2 P.O. Box 7, Miki cho post office, Ikenobe 3011-2, Kagawa-Ken, 761-0799, Japan.
Abstract - Six sunflower lines were grown under field conditions in order to assess their oil content and fatty acid composition under three watering regimes (rain-fed, 50 % supply, and 100 % supply). Changes in oil percentage and fatty acid composition of sunflower seeds were determined and analyzed using a Soxhlet apparatus and gas chromatography. A significant genotype × water regime interaction for oil content was noted. Contents of linoleic acid and stearic acid were affected only by watering regime and ranged from 4.86 to 12.33 % for the former and from 1.90 to 3.21 % for the latter. Palmitic oil content was affected by genotype: 6.03 %, 7.54 %, 4.18 %, 4.40 %, 5.05 % and 4.52 % for C8.3.1.2, 64A71, C7.3.2.2, C1.3.1.1, C5.2.3.2, and C31.1.1.2, respectively. Oleic content was independent of the effects imposed by genotype and water regime.
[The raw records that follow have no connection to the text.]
(* Let $S$ be a $\Gamma$-hemiring and let $\mu$ be a fuzzy h-ideal of $S$. Let $\beta\in(0,1]$ and $\alpha\in[0,1-\sup\{\mu(y):y\in S\}]$, and define $\mu_{\beta,\alpha}(y)=\beta\mu(y)+\alpha$ for $y\in S$. Then for every $x\in S$, $\langle x,\mu_{\beta,\alpha}\rangle$ is a fuzzy h-ideal of $S$.
   Context: A $\Gamma$-hemiring is a pair of additive commutative semigroups with zero $S$ and $\Gamma$ with a map $S\times\Gamma\times S\to S$, $(a,\alpha,b)\mapsto a\alpha b$, such that for all $a,b,c\in S$, $\alpha,\beta\in\Gamma$: $(a+b)\alpha c=a\alpha c+b\alpha c$; $a\alpha(b+c)=a\alpha b+a\alpha c$; $a(\alpha+\beta)b=a\alpha b+a\beta b$; $a\alpha(b\beta c)=(a\alpha b)\beta c$; $0\alpha a=0=a\alpha0$; $a0b=0=b0a$. A fuzzy h-ideal of $S$ is a map $\mu:S\to[0,1]$, not identically $0$, such that for all $x,y,a,b,z\in S$, $\gamma\in\Gamma$: $\mu(x+y)\ge\min\{\mu(x),\mu(y)\}$; $\mu(x\gamma y)\ge\mu(x)$ and $\mu(x\gamma y)\ge\mu(y)$; $x+a+z=b+z$ implies $\mu(x)\ge\min\{\mu(a),\mu(b)\}$. The extension of a fuzzy subset $\mu$ by $x$ is $\langle x,\mu\rangle(y)=\inf_{s\in S,\ \alpha,\gamma\in\Gamma}\mu(x\alpha s\gamma y)$ (here $\alpha,\gamma$ are bound variables ranging over $\Gamma$, unrelated to the real number $\alpha$ above). *)

From HB Require Import structures.
From mathcomp Require Import all_boot all_order all_algebra.
From mathcomp Require Import all_classical all_reals.
Set Implicit Arguments. Unset Strict Implicit. Unset Printing Implicit Defensive.
Import Order.TTheory GRing.Theory Num.Theory.
Local Open Scope classical_set_scope.
Local Open Scope ring_scope.

Record GammaHemiring := {
  S_car : Type;
  G_car : Type;
  sadd : S_car -> S_car -> S_car;
  szero : S_car;
  gadd : G_car -> G_car -> G_car;
  gzero : G_car;
  tmul : S_car -> G_car -> S_car -> S_car;
  saddA : forall a b c, sadd a (sadd b c) = sadd (sadd a b) c;
  saddC : forall a b, sadd a b = sadd b a;
  sadd0 : forall a, sadd szero a = a;
  gaddA : forall a b c, gadd a (gadd b c) = gadd (gadd a b) c;
  gaddC : forall a b, gadd a b = gadd b a;
  gadd0 : forall a, gadd gzero a = a;
  tmulDl : forall a b c al, tmul (sadd a b) al c = sadd (tmul a al c) (tmul b al c);
  tmulDr : forall a b c al, tmul a al (sadd b c) = sadd (tmul a al b) (tmul a al c);
  tmulDm : forall a b al be, tmul a (gadd al be) b = sadd (tmul a al b) (tmul a be b);
  tmulA : forall a b c al be, tmul a al (tmul b be c) = tmul (tmul a al b) be c;
  tmul0l : forall a al, tmul szero al a = szero;
  tmul0r : forall a al, tmul a al szero = szero;
  tmul0m : forall a b, tmul a gzero b = szero /\ tmul b gzero a = szero
}.

Definition fuzzy_h_ideal (R : realType) (H : GammaHemiring) (mu : S_car H -> R) : Prop :=
  (forall x, 0 <= mu x <= 1) /\
  (exists x, mu x != 0) /\
  (forall x y, mu (sadd x y) >= Order.min (mu x) (mu y)) /\
  (forall x y (g : G_car H), mu (tmul x g y) >= mu x /\ mu (tmul x g y) >= mu y) /\
  (forall x a b z, sadd (sadd x a) z = sadd b z -> mu x >= Order.min (mu a) (mu b)).

Definition extension (R : realType) (H : GammaHemiring) (x : S_car H)
  (mu : S_car H -> R) : S_car H -> R :=
  fun y => inf [set v : R | exists (s : S_car H) (a g : G_car H),
                     v = mu (tmul (tmul x a s) g y)].

From mathcomp Require Import all_boot all_order all_algebra.
From mathcomp Require Import all_classical all_reals.
Set Implicit Arguments. Unset Strict Implicit. Unset Printing Implicit Defensive.
Import Order.TTheory GRing.Theory Num.Theory.
Local Open Scope classical_set_scope.
Local Open Scope ring_scope.

(* Since <x,nu>(y) is the infimum of nu (x a s g y), each fuzzy h-ideal axiom
   for <x,nu> follows from the same axiom for nu at the elements x a s g y:
   left multiplication by x a s g preserves sums and h-closure equations and,
   by associativity, absorbs ternary products; <x,nu> dominates nu, so it does
   not vanish.  The rescaling t |-> beta t + alpha is nondecreasing, hence
   preserves the min-inequalities, and the bound on alpha keeps it in [0,1]. *)
Section Extension.
Variables (R : realType) (H : GammaHemiring) (x : S_car H) (nu : S_car H -> R).
Hypothesis nu_ge0 : forall y, 0 <= nu y.

Lemma extension_le y s a g : extension x nu y <= nu (tmul (tmul x a s) g y).
Proof.
apply: ge_inf; last by exists s, a, g.
by exists 0 => v [s' [a' [g' ->]]].
Qed.

Lemma le_extension y m : (forall s a g, m <= nu (tmul (tmul x a s) g y)) ->
  m <= extension x nu y.
Proof.
move=> m_le; apply: lb_le_inf; last by move=> v [s [a [g ->]]].
by exists (nu (tmul (tmul x (gzero H) (szero H)) (gzero H) y)),
  (szero H), (gzero H), (gzero H).
Qed.

Lemma min_extension_le y z s a g :
  Order.min (extension x nu y) (extension x nu z) <=
  Order.min (nu (tmul (tmul x a s) g y)) (nu (tmul (tmul x a s) g z)).
Proof. by apply: le_min2; apply: extension_le. Qed.

End Extension.

Lemma fuzzy_h_ideal_extension (R : realType) (H : GammaHemiring)
    (nu : S_car H -> R) (x : S_car H) :
  fuzzy_h_ideal nu -> fuzzy_h_ideal (extension x nu).
Proof.
move=> [nu_01 [[y0 nu_y0] [nuD [nuM nuH]]]].
have nu_ge0 y : 0 <= nu y by case/andP: (nu_01 y).
have nu_le_ext y : nu y <= extension x nu y.
  by apply: le_extension => // s a g; apply: (nuM _ y g).2.
split.
  move=> y; apply/andP; split; first exact: le_extension.
  apply: le_trans (extension_le x nu_ge0 y (szero H) (gzero H) (gzero H)) _.
  by case/andP: (nu_01 (tmul (tmul x (gzero H) (szero H)) (gzero H) y)).
split.
  exists y0; rewrite gt_eqF // (lt_le_trans _ (nu_le_ext y0)) //.
  by rewrite lt_def nu_y0 nu_ge0.
split.
  move=> y z; apply: le_extension => // s a g; rewrite tmulDr.
  exact: le_trans (min_extension_le x nu_ge0 _ _ _ _ _) (nuD _ _).
split.
  move=> y z g; split; apply: le_extension => // s a h.
    rewrite tmulA; apply: le_trans (nuM _ _ g).1; exact: extension_le.
  by rewrite tmulA -(tmulA x); apply: extension_le.
move=> y a b z yaz_bz; apply: le_extension => // s al g.
set X := tmul x al s.
have Xyaz_Xbz : sadd (sadd (tmul X g y) (tmul X g a)) (tmul X g z) =
                sadd (tmul X g b) (tmul X g z) by rewrite -!tmulDr yaz_bz.
exact: le_trans (min_extension_le x nu_ge0 _ _ _ _ _) (nuH _ _ _ _ Xyaz_Xbz).
Qed.

Lemma homo_min_le d d' (T : orderType d) (T' : orderType d') (f : T -> T')
    (a b c : T) :
  {homo f : u v / (u <= v)%O} -> (Order.min a b <= c)%O ->
  (Order.min (f a) (f b) <= f c)%O.
Proof.
by move=> f_homo; rewrite !ge_min => /orP[] /f_homo ->; rewrite ?orbT.
Qed.

Lemma fuzzy_h_ideal_affine (R : realType) (H : GammaHemiring)
    (mu : S_car H -> R) (beta alpha : R) :
  fuzzy_h_ideal mu -> 0 < beta <= 1 -> 0 <= alpha <= 1 - sup (range mu) ->
  fuzzy_h_ideal (fun y => beta * mu y + alpha).
Proof.
move=> [mu_01 [[y0 mu_y0] [muD [muM muH]]]] /andP[beta_gt0 beta_le1].
move=> /andP[alpha_ge0 alpha_le].
have f_homo : {homo (fun t => beta * t + alpha) : u v / u <= v}.
  by move=> u v uv; rewrite lerD2r ler_pM2l.
have mu_le_sup y : mu y <= sup (range mu).
  apply: ub_le_sup; last by exists y.
  by exists 1 => _ [z _ <-]; case/andP: (mu_01 z).
split.
  move=> y; have [mu_ge0 _] := andP (mu_01 y).
  rewrite addr_ge0 ?mulr_ge0 ?(ltW beta_gt0) //=.
  rewrite -(subrK (sup (range mu)) 1) addrC lerD //.
  exact: le_trans (ler_piMl mu_ge0 beta_le1) (mu_le_sup y).
split.
  exists y0; rewrite gt_eqF // ltr_wpDr // mulr_gt0 // lt_def mu_y0.
  by case/andP: (mu_01 y0).
split; first by move=> y z; apply: homo_min_le f_homo (muD y z).
split; first by move=> y z g; have [? ?] := muM y z g; split; apply: f_homo.
by move=> y a b z eq_h; apply: homo_min_le f_homo (muH _ _ _ _ eq_h).
Qed.

Theorem proposition3p13 (R : realType) (H : GammaHemiring) (mu : S_car H -> R)
  (beta alpha : R) :
  fuzzy_h_ideal mu ->
  0 < beta <= 1 ->
  0 <= alpha <= 1 - sup (range mu) ->
  forall x : S_car H,
    fuzzy_h_ideal (extension x (fun y => beta * mu y + alpha)).
Proof.
move=> mu_ideal beta_01 alpha_range x.
exact/fuzzy_h_ideal_extension/fuzzy_h_ideal_affine.
Qed.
Key words: oil content / saturated fatty acids / sunflowers / unsaturated fatty acids / water supply / Soxhlet.
1. Introduction
Sunflower (Helianthus annuus L.) is an important oilseed crop whose oil content varies from 25 to 50 % of seed content (Izquierdo et al. 2002). Sunflower oil contains large amounts of unsaturated fatty acids, mainly linoleic (C18:2) and oleic acid (C18:1) (14 to 38 % and 46 to 74 %, respectively). Lower levels of saturated fatty acids in sunflower are mainly represented by palmitic acid (C16:0) and stearic acid (4.4 to 7.7 % and 2.8 to 7.5 %, respectively) (Harwood and Aparicio 2000). Different studies (Table 1) have shown that the composition of fatty acids and oil seed content depends on genotype. Based on the composition of fatty acids, CODEX Stan 210 (1999) classifies sunflower into three categories. The production of linoleic acid ranged from 48 to 74 % in standard sunflower in comparison to greater oleic acid production (75-85 %) noted in high oleic hybrid genotypes and 50-75 % in oleic genotypes (Anastasi et al. 2000). The Institut Français des Corps Gras (ITERG) showed that the French variety ‘Mirasol’ contains 19.8 % of oleic acid and 67.0 % of linoleic acid (Boyeldieu 1991). Pectu et al. (2001) reported that Romanian sunflower had more than 60 % and 28-35 % linoleic acid and oleic acid, respectively.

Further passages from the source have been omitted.